What to do after a data breach, and how to avoid lawsuits

As any company that deals with sensitive customer information knows, the threat of a data breach is an ongoing concern. Companies often combat this threat with sophisticated security software designed to protect personal and financial data.

While prevention is important, it is also important to have protocol in place regarding what immediate actions need to take place in the event of a data breach. This should include steps your company can take to potentially avoid data breach lawsuits from consumers.

A data breach has occurred - now what?

The IRS has a webpage that contains basic steps to follow after a data breach, which includes contacting:

  • IRS and law enforcement - Report client data theft to your local IRS Stakeholder Liaison. Contact your local FBI office and file a police report with local police.
  • Each state where you prepare tax returns - Report the incident to tax agencies and to the office of the attorney general for each state where your company pays taxes.
  • Your insurance company - Report the breach and see if your policy covers data breach mitigation expenses
  • Your customers/consumers - Send individual letters to those whose personal or financial data has been compromised. Include former clients who are still in your system.

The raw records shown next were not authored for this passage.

(* Let $B$ be a real Banach space with norm $|\cdot|$, and $H$ a real Hilbert space that is a dense linear subspace of $B$ such that the inclusion map $H\to B$ is continuous. Then: (i) If $L$ is a closed codimension-one subspace of $B$, then there is a unique closed codimension-one subspace $M$ of $H$ whose closure in $B$ is $L$; namely $M=L\cap H$. (ii) Let $f_0\in H^*$ be nonzero. If $f_0$ is continuous with respect to $|\cdot|$, then the closure of $\ker f_0$ in $B$ is a codimension-one subspace of $B$; if $f_0$ is not continuous with respect to $|\cdot|$, then $\ker f_0$ is dense in $B$.
   Context: Here $H^*$ is the space of continuous linear functionals on $H$ with respect to the Hilbert norm; ''continuous with respect to $|\cdot|$'' means continuous for the restriction to $H$ of the Banach norm of $B$. *)

From HB Require Import structures.
From mathcomp Require Import all_boot all_order all_algebra.
From mathcomp Require Import all_classical all_reals topology normedtype.
Set Implicit Arguments. Unset Strict Implicit. Unset Printing Implicit Defensive.
Import Order.TTheory GRing.Theory Num.Theory.
Import numFieldNormedType.Exports.
Local Open Scope classical_set_scope.
Local Open Scope ring_scope.

(* Together with completeness of H this makes H a real Hilbert space. *)
Definition inner_product_norm (R : realType) (H : normedModType R)
  (ip : H -> H -> R) : Prop :=
  [/\ (forall x y, ip x y = ip y x),
      (forall a x y z, ip (a *: x + y) z = a * ip x z + ip y z),
      (forall x, 0 <= ip x x) &
      (forall x, `|x| = Num.sqrt (ip x x)) ].

Definition lin_subspace (R : realType) (V : lmodType R) (L : set V) : Prop :=
  L 0 /\ (forall a x y, L x -> L y -> L (a *: x + y)).

Definition codim1 (R : realType) (V : lmodType R) (L : set V) : Prop :=
  lin_subspace L /\ exists v : V, ~ L v /\ forall x, exists t : R, L (x - t *: v).

Definition closed_codim1 (R : realType) (V : normedModType R) (L : set V) : Prop :=
  closed L /\ codim1 L.

Definition lin_functional (R : realType) (V : lmodType R) (f : V -> R) : Prop :=
  forall a x y, f (a *: x + y) = a * f x + f y.

Definition continuous_wrt (R : realType) (H B : normedModType R)
  (incl : H -> B) (f : H -> R) : Prop :=
  forall x (e : R), 0 < e -> exists2 d : R, 0 < d &
    forall y, `|incl y - incl x| < d -> `|f y - f x| < e.


(* (i) Since L is closed and proper, the dense subspace H is not contained in
   L, so M = L ∩ H has codimension one in H; it is closed because the
   inclusion is continuous.  An l ∈ L is approximated by h ∈ H, and the
   component of h along a fixed h0 ∈ H \ L is small because the distance from
   h0 to L is positive; removing it gives points of M close to l.  Uniqueness
   holds because a codimension-one subspace is maximal among proper ones.
   (ii) If |f0 h| <= C |h| on H, McShane's construction gives for each x ∈ B a
   number t with |f0 h - t| <= C |x - h| for all h ∈ H; the closure of ker f0
   is exactly the set where t = 0, a hyperplane missing any h1 with f0 h1 = 1.
   If f0 is unbounded, every h ∈ H is the limit of the kernel elements
   h - (f0 h / f0 y) y with |y| small compared to |f0 y|, so ker f0 is dense. *)

From HB Require Import structures.
From mathcomp Require Import all_boot all_order all_algebra.
From mathcomp Require Import all_classical all_reals topology normedtype.
From mathcomp Require Import lra.
Set Implicit Arguments. Unset Strict Implicit. Unset Printing Implicit Defensive.
Import Order.TTheory GRing.Theory Num.Theory.
Import numFieldNormedType.Exports.
Local Open Scope classical_set_scope.
Local Open Scope ring_scope.

Section LinearSubspace.
Context {R : realType} {V : lmodType R}.
Implicit Types (L M : set V).

Lemma lin_subspaceZ L a x : lin_subspace L -> L x -> L (a *: x).
Proof. by case=> L0 sL Lx; rewrite -[_ *: _]addr0; apply: sL. Qed.

Lemma lin_subspaceD L x y : lin_subspace L -> L x -> L y -> L (x + y).
Proof. by case=> _ sL Lx Ly; rewrite -[x]scale1r; apply: sL. Qed.

Lemma lin_subspaceB L x y : lin_subspace L -> L x -> L y -> L (x - y).
Proof.
move=> sL Lx Ly; apply: lin_subspaceD => //.
by rewrite -scaleN1r; apply: lin_subspaceZ.
Qed.

Lemma codim1_complement L w : codim1 L -> ~ L w ->
  forall x, exists t, L (x - t *: w).
Proof.
move=> [sL [v [_ Lv]]] nLw x.
have [s Lws] := Lv w; have [t Lxt] := Lv x.
have s_neq0 : s != 0.
  by apply: contra_notN nLw => /eqP s0; rewrite s0 scale0r subr0 in Lws.
exists (t / s).
have -> : x - (t / s) *: w = (x - t *: v) - (t / s) *: (w - s *: v).
  by rewrite scalerBr scalerA divfK // opprB addrA subrK.
by apply: lin_subspaceB => //; apply: lin_subspaceZ.
Qed.

Lemma codim1_maximal M L z : codim1 M -> lin_subspace L -> M `<=` L ->
  ~ L z -> L = M.
Proof.
move=> cM sL ML nLz; apply/seteqP; split => // x Lx.
apply: contrapT => nMx; have [t Mzt] := codim1_complement cM nMx z.
apply: nLz; rewrite -(subrK (t *: x) z).
by apply: lin_subspaceD => //; [apply: ML | apply: lin_subspaceZ].
Qed.

End LinearSubspace.

Section LinearFunctional.
Context {R : realType} {V : lmodType R} (f : V -> R).
Hypothesis f_lin : lin_functional f.

Lemma lin_functional0 : f 0 = 0.
Proof. by have := f_lin (-1) 0 0; rewrite scaler0 addr0 mulN1r addNr. Qed.

Lemma lin_functionalZ a x : f (a *: x) = a * f x.
Proof. by have := f_lin a x 0; rewrite addr0 lin_functional0 addr0. Qed.

Lemma lin_functionalB x y : f (x - y) = f x - f y.
Proof.
by have := f_lin (-1) y x; rewrite scaleN1r mulN1r addrC [- f y + _]addrC.
Qed.

Lemma lin_subspace_kernel : lin_subspace (f @^-1` [set 0]).
Proof.
split=> [|a x y fx0 fy0]; first exact: lin_functional0.
by rewrite /preimage /= f_lin fx0 fy0 mulr0 addr0.
Qed.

What can be done to prevent data breach lawsuits?

How a company handles a customer data breach can be vital to avoiding litigation. Although it sometimes can be difficult to avoid lawsuits, below are five steps that can help.

  1. Run data breach simulations - Perform breach scenarios to help executives prepare for a cyber attack, know performs each role and respond quickly in an actual emergency.
  2. Carefully examine third-party vendors - Often data breaches can occur due to poor cyber security at outside vendors.
  3. Be mindful of what you say - Watch what company representatives say in public after a data breach, it could be used against you in court.
  4. Know the law - speak up quickly - Many states, including Florida, have laws requiring companies to inform customers of a data breach, and do so in a timely fashion.
  5. Offer credit monitoring services to customers - In the wake of a data breach, provide customers with services that can monitor credit and search for identity theft.